NASA stepped in. After years of preliminary discussions, the two agencies reached a formal agreement that assigns the United States four distinct categories of hardware, each addressing a gap that ESA could not fill alone. According to NASA’s Mars Exploration Program blog, those contributions are: a commercial launch vehicle procured through NASA’s Launch Services Program, braking and landing engines for the lander platform, radioisotope heater units to keep the rover’s electronics warm through frigid Martian nights, and key portions of the Mars Organic Molecule Analyzer (MOMA), the rover’s primary life-detection instrument.
Why NASA’s hardware matters
Each of NASA’s four deliverables targets a phase of the mission where failure would be catastrophic or where European industry lacks proven capability.

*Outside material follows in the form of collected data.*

(* For every even $n\ge 6$ there exist Boolean bent functions $f,f'\colon\mathbb F_2^n\to\mathbb F_2$ that are not extended-affine equivalent but whose translation designs $\operatorname{dev}(G_f)$ and $\operatorname{dev}(G_{f'})$ are isomorphic. (Hence, for Boolean bent functions, isomorphism of the designs $\operatorname{dev}(G_f)$ is a strictly coarser equivalence relation than EA-equivalence for every even $n\ge6$.)
   Context: A Boolean function $f\colon\mathbb F_2^n\to\mathbb F_2$ ($n$ even) is bent if $\sum_{\mathbf x}(-1)^{f(\mathbf x)\oplus\langle\mathbf a,\mathbf x\rangle}=\pm2^{n/2}$ for all $\mathbf a\in\mathbb F_2^n$. Boolean functions $f,f'$ are EA-equivalent if $f=f'\circ A_2\oplus A_3$ for an affine permutation $A_2$ of $\mathbb F_2^n$ and an affine function $A_3\colon\mathbb F_2^n\to\mathbb F_2$. $G_f=\{(\mathbf x,f(\mathbf x))\}\subseteq\mathbb F_2^n\times\mathbb F_2$ is the graph of $f$; $\operatorname{dev}(A)$ denotes the incidence structure with point set the ambient group and blocks all translates $A+g$. Two incidence structures with incidence matrices $M,M'$ are isomorphic if $M=PM'Q$ for permutation matrices $P,Q$. *)

From HB Require Import structures.
From mathcomp Require Import all_boot all_order all_fingroup all_algebra.
Set Implicit Arguments. Unset Strict Implicit. Unset Printing Implicit Defensive.
Import GRing.Theory.
Local Open Scope ring_scope.

Notation vecF2 n := 'rV['F_2]_n.

Definition dotF2 n (a x : vecF2 n) : 'F_2 := \sum_(i < n) a 0 i * x 0 i.

Definition sgnF2 (b : 'F_2) : int := if b == 0 then 1 else -1.

Definition walsh n (f : vecF2 n -> 'F_2) (a : vecF2 n) : int :=
  \sum_(x : vecF2 n) sgnF2 (f x + dotF2 a x).

Definition bent n (f : vecF2 n -> 'F_2) : Prop :=
  forall a : vecF2 n,
    walsh f a = (2 ^ n./2)%:Z \/ walsh f a = - (2 ^ n./2)%:Z.

Definition EA_equiv n (f f' : vecF2 n -> 'F_2) : Prop :=
  exists (M : 'M['F_2]_n) (b c : vecF2 n) (d : 'F_2),
    M \in unitmx /\
    forall x : vecF2 n, f x = f' (x *m M + b) + (dotF2 c x + d).

Definition ambient n := (vecF2 n * 'F_2)%type.
Definition addA n (u v : ambient n) : ambient n := (u.1 + v.1, u.2 + v.2).
Definition graph n (f : vecF2 n -> 'F_2) : {set ambient n} :=
  [set (x, f x) | x : vecF2 n].

Definition translate n (A : {set ambient n}) (g : ambient n) : {set ambient n} :=
  [set addA u g | u in A].
Definition dev_blocks n (A : {set ambient n}) : {set {set ambient n}} :=
  [set translate A g | g : ambient n].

The landing engines carry the highest stakes. Mars landings remain extraordinarily difficult; even in the modern era, several attempts have ended in crashes or loss of signal during the final minutes of descent. By taking direct responsibility for the braking and landing propulsion, NASA is drawing on experience stretching from the Viking landers of the 1970s through the Perseverance rover’s precision touchdown in 2021. ESA retains responsibility for the broader landing system and surface platform, but the propulsion at the heart of the descent sequence will be American-built.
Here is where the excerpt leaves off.